Classification is a procedure to count the values from the channel and puts them in the classes. A classical classification from the primary school is to create the classes and count number of student with specific weight or height.
Classification in measurement field is used for various applications, for example to find the distribution of power grid frequencies with time or to find the distribution of sound levels to which certain area or working place is exposed to.
First of all, we need to define what will be the result of classification. There are three options:
- Single value based - the result will be one array holding the result of the entire run
- Block based - the result will be set of the array each one added at the end of the defined block size. If we have for example 2 seconds block size and acquire data for 10 seconds, we will get 5 arrays of classification values, each valid for 2 seconds of data.
- Running - A running total is the summation of a sequence of numbers which is updated each time a new number is added to the sequence, by adding the value of the new number to the previous running total.

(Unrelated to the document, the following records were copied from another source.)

(* The left-hand side is nonincreasing in m because (m + 1) (m + 3) <= (m + 2)^2. *)
Lemma p1_energy_le1 m : p1 m 0 ^+ 2 * (m%:R + 1) + p1 m 1 ^+ 2 * (m%:R + 2) <= 1.
Proof.
elim: m => [|m IH]; first by rewrite /=; lra.
rewrite p1S0 -natr1.
have h := p1S1 m; have ha := p1_ge0 m 0; have hM : 0 <= (m%:R : R) := ler0n _ _.
move: IH h ha; set a := p1 m 0; set b := p1 m 1; set t := p1 m.+1 1; set M := (m%:R : R).
move=> IH h ha.
suff key : t ^+ 2 * (M + 3) <= a ^+ 2 * (M + 1) by lra.
have hp : 0 < (M + 2) ^+ 2 by apply: exprn_gt0; lra.
rewrite -(ler_pM2r hp).
have -> : t ^+ 2 * (M + 3) * (M + 2) ^+ 2 = (t * (M + 2)) ^+ 2 * (M + 3) by ring.
rewrite h.
have -> : (a * (M + 1)) ^+ 2 * (M + 3) = a ^+ 2 * (M + 1) * ((M + 1) * (M + 3)) by ring.
apply: ler_wpM2l; first by rewrite mulr_ge0 ?sqr_ge0 //; lra.
nra.
Qed.

Lemma p1_shift2_le m (k : nat) : p1 m (k%:Z + 2) <= p1 m k%:Z.
Proof.
have h := p1_ratio m k%:Z; have hM : 0 <= (m%:R : R) := ler0n _ _.
have hk : 0 <= ((k%:Z)%:~R : R) by rewrite ler0z.
have ha := p1_ge0 m k%:Z.
move: h; set a := p1 m k%:Z; set b := p1 m (k%:Z + 2); set K := ((k%:Z)%:~R : R) => h.
have hp : 0 < m%:R + K + 2 by lra.
by rewrite -(ler_pM2r hp) h ler_wpM2l //; lra.
Qed.

Lemma p1_sq_le m j : p1 m j ^+ 2 <= (m.+1%:R)^-1.
Proof.
wlog [k ->] : j / exists k : nat, j = k%:Z.
  move=> hw; case: j => k; first by apply: hw; exists k.
  by rewrite -p1N NegzE opprK; apply: hw; exists k.+1.
have hm : 0 < (m.+1%:R : R) by rewrite ltr0n.
have h := p1_energy_le1 m; have hM : 0 <= (m%:R : R) := ler0n _ _.
have h01 (l : int) : l = 0 \/ l = 1 -> p1 m l ^+ 2 <= (m.+1%:R)^-1.
  move=> hj; rewrite -[_^-1]mul1r ler_pdivlMr // -natr1.
  by have := sqr_ge0 (p1 m 0); have := sqr_ge0 (p1 m 1); case: hj => ->; nra.
suff : p1 m k%:Z ^+ 2 <= (m.+1%:R)^-1 /\ p1 m k.+1%:Z ^+ 2 <= (m.+1%:R)^-1 by case.
elim: k => [|k [IH1 IH2]]; first by split; apply: h01; [left|right].
split => //; apply: le_trans IH1.
rewrite (_ : k.+2%:Z = k%:Z + 2); last by rewrite -addn2 PoszD.
by rewrite lerXn2r ?nnegrE ?p1_ge0 ?p1_shift2_le.
Qed.

End OneDimensionalWalk.

Lemma p0_factor (R : realType) m (x : Z2) :
  p0 R m x = p1 R m (x.1 + x.2) * p1 R m (x.1 - x.2).
Proof.
elim: m x => [|m IH] [a b] /=.
  rewrite -natrM mulnb /originZ2 xpair_eqE; congr (_%:R).
  by case: (a =P 0); case: (b =P 0); case: (a + b =P 0); case: (a - b =P 0) => //=; lia.
rewrite !IH /=.
rewrite (_ : a - 1 + b = a + b - 1); last by ring.
rewrite (_ : a - 1 - b = a - b - 1); last by ring.
rewrite (_ : a + 1 + b = a + b + 1); last by ring.
rewrite (_ : a + 1 - b = a - b + 1); last by ring.
rewrite (_ : a + (b - 1) = a + b - 1); last by ring.
rewrite (_ : a - (b - 1) = a - b + 1); last by ring.
rewrite (_ : a + (b + 1) = a + b + 1); last by ring.
rewrite (_ : a - (b + 1) = a - b - 1); last by ring.
by field.
Qed.

Lemma p0_ge0 (R : realType) m x : 0 <= p0 R m x.
Proof. by rewrite p0_factor mulr_ge0 ?p1_ge0. Qed.

Lemma p0_le (R : realType) m x : p0 R m x <= (m.+1%:R)^-1.
Proof.
rewrite p0_factor.
have := p1_sq_le R m (x.1 + x.2); have := p1_sq_le R m (x.1 - x.2).
have := sqr_ge0 (p1 R m (x.1 + x.2) - p1 R m (x.1 - x.2)).
move: (p1 R m _) (p1 R m _) ((m.+1%:R : R)^-1) => u v c; nra.
Qed.

Lemma p0_sq_le (R : realType) m x : (0 < m)%N -> p0 R m x ^+ 2 <= (m%:R)^-1 * p0 R m x.
Proof.
move=> m_gt0; rewrite expr2 ler_wpM2r ?p0_ge0 //.
by rewrite (le_trans (p0_le R m x)) // lef_pV2 ?posrE ?ltr0n ?ler_nat.
Qed.

Lemma esumZl_le (R : realType) (T : choiceType) (S : set T) (k : R) (f : T -> \bar R) :
  0 <= k -> (forall t, (0 <= f t)%E) ->
  (\esum_(t in S) (k%:E * f t) <= k%:E * \esum_(t in S) f t)%E.
Proof.
move=> k0 f0; apply: ge_ereal_sup => _ [X [finX XS] <-].
rewrite -ge0_mule_fsumr // lee_wpmul2l ?lee_fin //.
by apply: ereal_sup_ubound; exists X.
Qed.

Lemma subZ2_eq0 (w u : Z2) : (subZ2 w u == originZ2) = (w == u).
Proof. by case: w u => [a b] [c d]; rewrite /subZ2 /originZ2 !xpair_eqE !subr_eq0. Qed.

Section Supersolution.
Variable R : realType.
Local Open Scope ereal_scope.

Lemma esum_p0_le_supersolution (h : Z2 -> R) (G : nat -> Z2 -> R) :
  (forall w, 0 <= h w)%R -> (forall u, h u <= G 0%N u)%R ->
  (forall m u, (G m (u.1 + 1, u.2) + G m (u.1 - 1, u.2) + G m (u.1, u.2 + 1)
      + G m (u.1, u.2 - 1)) / 4 <= G m.+1 u)%R ->
  forall m u, \esum_(w in [set: Z2]) (p0 R m (subZ2 w u) * h w)%:E <= (G m u)%:E.
Proof.
move=> h0 hG0 hG; elim=> [|m IH] u.
  rewrite (esumID [set u]); last by move=> w _; rewrite lee_fin mulr_ge0 ?p0_ge0.
  rewrite [X in _ + X]esum1 ?adde0; last first.
    by move=> w [_ /eqP]; rewrite /= subZ2_eq0 => /negPf ->; rewrite mul0r.
  rewrite setTI esum_set1; last by rewrite lee_fin mulr_ge0 ?p0_ge0.
  by rewrite /= subZ2_eq0 eqxx mul1r lee_fin.
pose f (v w : Z2) := (p0 R m (subZ2 w v) * h w)%:E.
have f0 v w : 0 <= f v w by rewrite lee_fin mulr_ge0 ?p0_ge0.
have -> : \esum_(w in [set: Z2]) (p0 R m.+1 (subZ2 w u) * h w)%:E =
    \esum_(w in [set: Z2]) ((4^-1)%R%:E * (f (u.1 + 1, u.2)%R w + f (u.1 - 1, u.2)%R w
      + f (u.1, u.2 + 1)%R w + f (u.1, u.2 - 1)%R w)).
  apply: eq_esum => w _; rewrite /f -!EFinD -EFinM /subZ2 /=.
  rewrite (_ : (w.1 - u.1 - 1 = w.1 - (u.1 + 1))%R); last by ring.
  rewrite (_ : (w.1 - u.1 + 1 = w.1 - (u.1 - 1))%R); last by ring.
  rewrite (_ : (w.2 - u.2 - 1 = w.2 - (u.2 + 1))%R); last by ring.
  rewrite (_ : (w.2 - u.2 + 1 = w.2 - (u.2 - 1))%R); last by ring.
  by congr (_%:E); ring.
apply: le_trans; first by apply: esumZl_le => // w; rewrite !adde_ge0.
rewrite !esumD //; try by move=> w _; rewrite ?adde_ge0.
apply: (@le_trans _ _ ((4^-1)%R%:E * (G m (u.1 + 1, u.2)%R + G m (u.1 - 1, u.2)%R
    + G m (u.1, u.2 + 1)%R + G m (u.1, u.2 - 1)%R)%:E)).
  by rewrite lee_wpmul2l ?lee_fin ?invr_ge0 // !EFinD; repeat apply: leeD; apply: IH.
by rewrite -EFinM lee_fin mulrC.
Qed.
End Supersolution.

Section HeatFlowBounds.
Variable R : realType.
Local Open Scope ereal_scope.

Lemma normZ2sq_ge0 z : (0 <= normZ2sq R z)%R.
Proof. by rewrite addr_ge0 ?sqr_ge0. Qed.

Lemma normZ2sq_origin : normZ2sq R originZ2 = 0%R.
Proof. by rewrite /normZ2sq /= mulr0z expr0n /= addr0. Qed.

Definition quartic (c : R) (z : Z2) : R := (normZ2sq R z + c) ^+ 2.

Lemma quartic_ge0 c z : (0 <= quartic c z)%R.
Proof. exact: sqr_ge0. Qed.

Lemma esum_normZ2sq_p0_le m u :
  \esum_(y in [set: Z2]) (normZ2sq R y * p0 R m (subZ2 y u))%:E
    <= (normZ2sq R u + m%:R)%:E.
Proof.
under eq_esum do rewrite mulrC.
apply: (@esum_p0_le_supersolution _ _ (fun m u => normZ2sq R u + m%:R)%R) => //.
- exact: normZ2sq_ge0.
- by move=> v; rewrite addr0.
move=> k [a b]; rewrite /normZ2sq /= !intrD -[k.+1%:R]natr1.
move: (a%:~R : R) (b%:~R : R) (k%:R : R) => A B K.
by rewrite [X in (X <= _)%R](_ : _ = A ^+ 2 + B ^+ 2 + (K + 1))%R //; field.
Qed.

Lemma esum_p0_quartic_le (c : R) m u : (0 <= c)%R ->
  \esum_(w in [set: Z2]) (p0 R m (subZ2 w u) * quartic c w)%:E
    <= (quartic (c + 2 * m%:R) u)%:E.
Proof.
move=> c0.
apply: (@esum_p0_le_supersolution _ _ (fun m u => quartic (c + 2 * m%:R) u)%R).
- by move=> w; apply: quartic_ge0.
- by move=> v; rewrite mulr0 addr0.
move=> k [a b]; rewrite /quartic /normZ2sq /= !intrD -[k.+1%:R]natr1.
have hK : (0 <= k%:R :> R)%R := ler0n _ _.
move: (a%:~R : R) (b%:~R : R) (k%:R : R) hK => A B K hK.
set C := (c + 2 * K)%R; rewrite (_ : (c + 2 * (K + 1) = C + 2)%R); last by rewrite /C; ring.
have -> : ((((A + 1) ^+ 2 + B ^+ 2 + C) ^+ 2 + ((A - 1) ^+ 2 + B ^+ 2 + C) ^+ 2 +
    (A ^+ 2 + (B + 1) ^+ 2 + C) ^+ 2 + (A ^+ 2 + (B - 1) ^+ 2 + C) ^+ 2) / 4 =
    (A ^+ 2 + B ^+ 2 + (C + 2)) ^+ 2 - (2 * C + 3))%R by field.
by rewrite lerBlDr lerDl /C; lra.
Qed.
End HeatFlowBounds.

Definition ffun_rcons {T : Type} {n : nat} (x : {ffun 'I_n.+1 -> T}) (w : T) :
    {ffun 'I_n.+2 -> T} :=
  [ffun j : 'I_n.+2 => if (j < n.+1)%N then x (inord j) else w].

Lemma inord_max n : (inord n : 'I_n.+1) = ord_max.
Proof. by apply: val_inj; rewrite /= inordK. Qed.

Section FfunRcons.
Variable T : Type.

Lemma ffun_rcons_inord n (x : {ffun 'I_n.+1 -> T}) w k :
  (k < n.+1)%N -> ffun_rcons x w (inord k) = x (inord k).
Proof. by move=> hk; rewrite ffunE inordK ?hk // ltnS ltnW. Qed.

Lemma ffun_rcons_max n (x : {ffun 'I_n.+1 -> T}) w : ffun_rcons x w ord_max = w.
Proof. by rewrite ffunE /= ltnn. Qed.

Lemma prod_steps_rcons (S : pzSemiRingType) n (F : nat -> T -> T -> S)
    (x : {ffun 'I_n.+1 -> T}) w :
  \prod_(k < n.+1) F k (ffun_rcons x w (inord k.+1)) (ffun_rcons x w (inord k)) =
  (\prod_(k < n) F k (x (inord k.+1)) (x (inord k))) * F n w (x ord_max).
Proof.
rewrite big_ord_recr /= inord_max ffun_rcons_max ffun_rcons_inord // inord_max.
by congr (_ * _); apply: eq_bigr => k _; rewrite !ffun_rcons_inord // ltnS // ltnW.
Qed.

Lemma ffun_rcons_bij n (z : T) :
  set_bij ([set x : {ffun 'I_n.+1 -> T} | x ord0 = z] `*`` (fun=> [set: T]))
          [set x : {ffun 'I_n.+2 -> T} | x ord0 = z] (fun p => ffun_rcons p.1 p.2).
Proof.
split.
- move=> [x w] [/= x0 _]; rewrite -[ord0](@inord_val n.+1) /= ffun_rcons_inord // -x0.
  by congr (x _); apply: val_inj; rewrite /= inordK.
- move=> [x1 w1] [x2 w2] _ _ /= e.
  have -> : w1 = w2 by rewrite -(ffun_rcons_max _ x1 w1) e ffun_rcons_max.
  congr (_, _); apply/ffunP => i.
  by have := congr1 (fun f : {ffun _ -> T} => f (inord i)) e; rewrite /= !ffun_rcons_inord // inord_val.
- move=> x /= x0; exists ([ffun i : 'I_n.+1 => x (inord i)], x ord_max).
    by split => //=; rewrite ffunE -x0; congr (x _); apply: val_inj; rewrite /= inordK.
  apply/ffunP => j; rewrite !ffunE /=; case: ifPn => hj; first by rewrite inordK // inord_val.
  congr (x _); apply: val_inj => /=.
  by have := ltn_ord j; rewrite ltnS leq_eqVlt (negPf hj) orbF => /eqP.
Qed.
End FfunRcons.

Section PathSum.
Variable R : realType.
Local Open Scope ereal_scope.

Definition path_weight n (m : nat -> nat) (x : {ffun 'I_n.+1 -> Z2}) : R :=
  \prod_(k < n) p0 R (m k) (subZ2 (x (inord k.+1)) (x (inord k))).

Lemma path_weight_ge0 n m x : (0 <= path_weight n m x)%R.
Proof. by apply: prodr_ge0 => k _; apply: p0_ge0. Qed.

Lemma esum_path_quartic_le n (m : nat -> nat) (z : Z2) (c : R) : (0 <= c)%R ->
  \esum_(x in [set x : {ffun 'I_n.+1 -> Z2} | x ord0 = z])
    (path_weight n m x * quartic R c (x ord_max))%:E
  <= (quartic R (c + 2 * (\sum_(k < n) m k)%N%:R) z)%:E.
Proof.
elim: n c z => [|n IH] c z c0.
  have -> : [set x : {ffun 'I_1 -> Z2} | x ord0 = z] = [set [ffun => z]].
    apply/seteqP; split => x /=; last by move=> ->; rewrite ffunE.
    by move=> x0; apply/ffunP => i; rewrite ffunE -x0 (ord1 i).
  rewrite esum_set1; last by rewrite lee_fin mulr_ge0 ?path_weight_ge0 ?quartic_ge0.
  by rewrite /path_weight !big_ord0 ffunE mul1r mulr0 addr0.
pose F x w := (path_weight n.+1 m (ffun_rcons x w) * quartic R c (ffun_rcons x w ord_max))%:E.
rewrite (reindex_esum _ _ _ _ (@ffun_rcons_bij _ n z)) -(esum_esum (a := F)); last first.
  by move=> x w _ _; rewrite lee_fin mulr_ge0 ?path_weight_ge0 ?quartic_ge0.
have -> : (c + 2 * (\sum_(k < n.+1) m k)%N%:R = c + 2 * (m n)%:R + 2 * (\sum_(k < n) m k)%N%:R)%R.
  by rewrite big_ord_recr natrD mulrDr addrAC addrA.
apply: le_trans _ (IH _ z _); last by rewrite addr_ge0 ?mulr_ge0 ?ler0n.
apply: le_esum => x _.
under eq_esum do rewrite /F /path_weight
  (prod_steps_rcons _ _ _ (fun k a b => p0 R (m k) (subZ2 a b))) ffun_rcons_max
  -/(path_weight n m x) -mulrA EFinM.
apply: le_trans.
  apply: esumZl_le => [|w]; first exact: path_weight_ge0.
  by rewrite lee_fin mulr_ge0 ?p0_ge0 ?quartic_ge0.
by rewrite EFinM lee_wpmul2l ?lee_fin ?path_weight_ge0 ?esum_p0_quartic_le.
Qed.
End PathSum.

- Show class as a separate channel- option will create single value channels for each of the class element. This is a nice option to display the values in the multimeter.
For class definition we need to set the:
- Lower limit - this will set the lower limit for start counting - all values below this level will be counted in the first class
- Upper limit - this will set the upper limit for an end of counting all values above this level will be counted in the last class
- Class count - defines the number of classes. In the example above the width of each class will be 5/20=0,25. First and last class will have half-width, so it will go from 0 to 0.125. The second class has a middle value of 0.25 and it goes from 0.125 to 0.375 and so on.
Histogram type defines what will be the output of the data (amplitude):
- Absolute count - each class value has the number of samples within the class (value will always count up)
- Relative count - each class value has the value of samples with the class normalized to the total number of counted samples (sum of all classes will be always 1)
- Relative count [%] - same as relative count, but expressed in percent (sum of all classes will be always 100)
- Density - provides empirical probability density each class value has the number of samples normalized to the total number of samples and divided by class width. In this case, the value is not depending on the number of classes within a range
- Density [%] - same as density but multiplied with 100
- Distribution - provides empirical probability distribution, each class value has the sum of all lower classes and the number of current samples, normalized to the total number of samples. The highest class has the value of 1.
- Distribution [%] - same as distribution, but expressed in percent. The highest class has the value of 100.
There are also several special output channels available. Two of them are Skewness (asymmetry of the probability distribution) and Kurtosis (a measure of “peakness” of distribution). Additionally, we can output a list of Distribution point values. Distribution points are the class values at which distribution reaches the entered value.
For the moment the distribution points work only if a distribution is chosen as the histogram type.
Histograms can be seen in the 2D graph during measurement and analysis.
If we choose block based calculation, we can also use the 3D graph to display the history of classifications.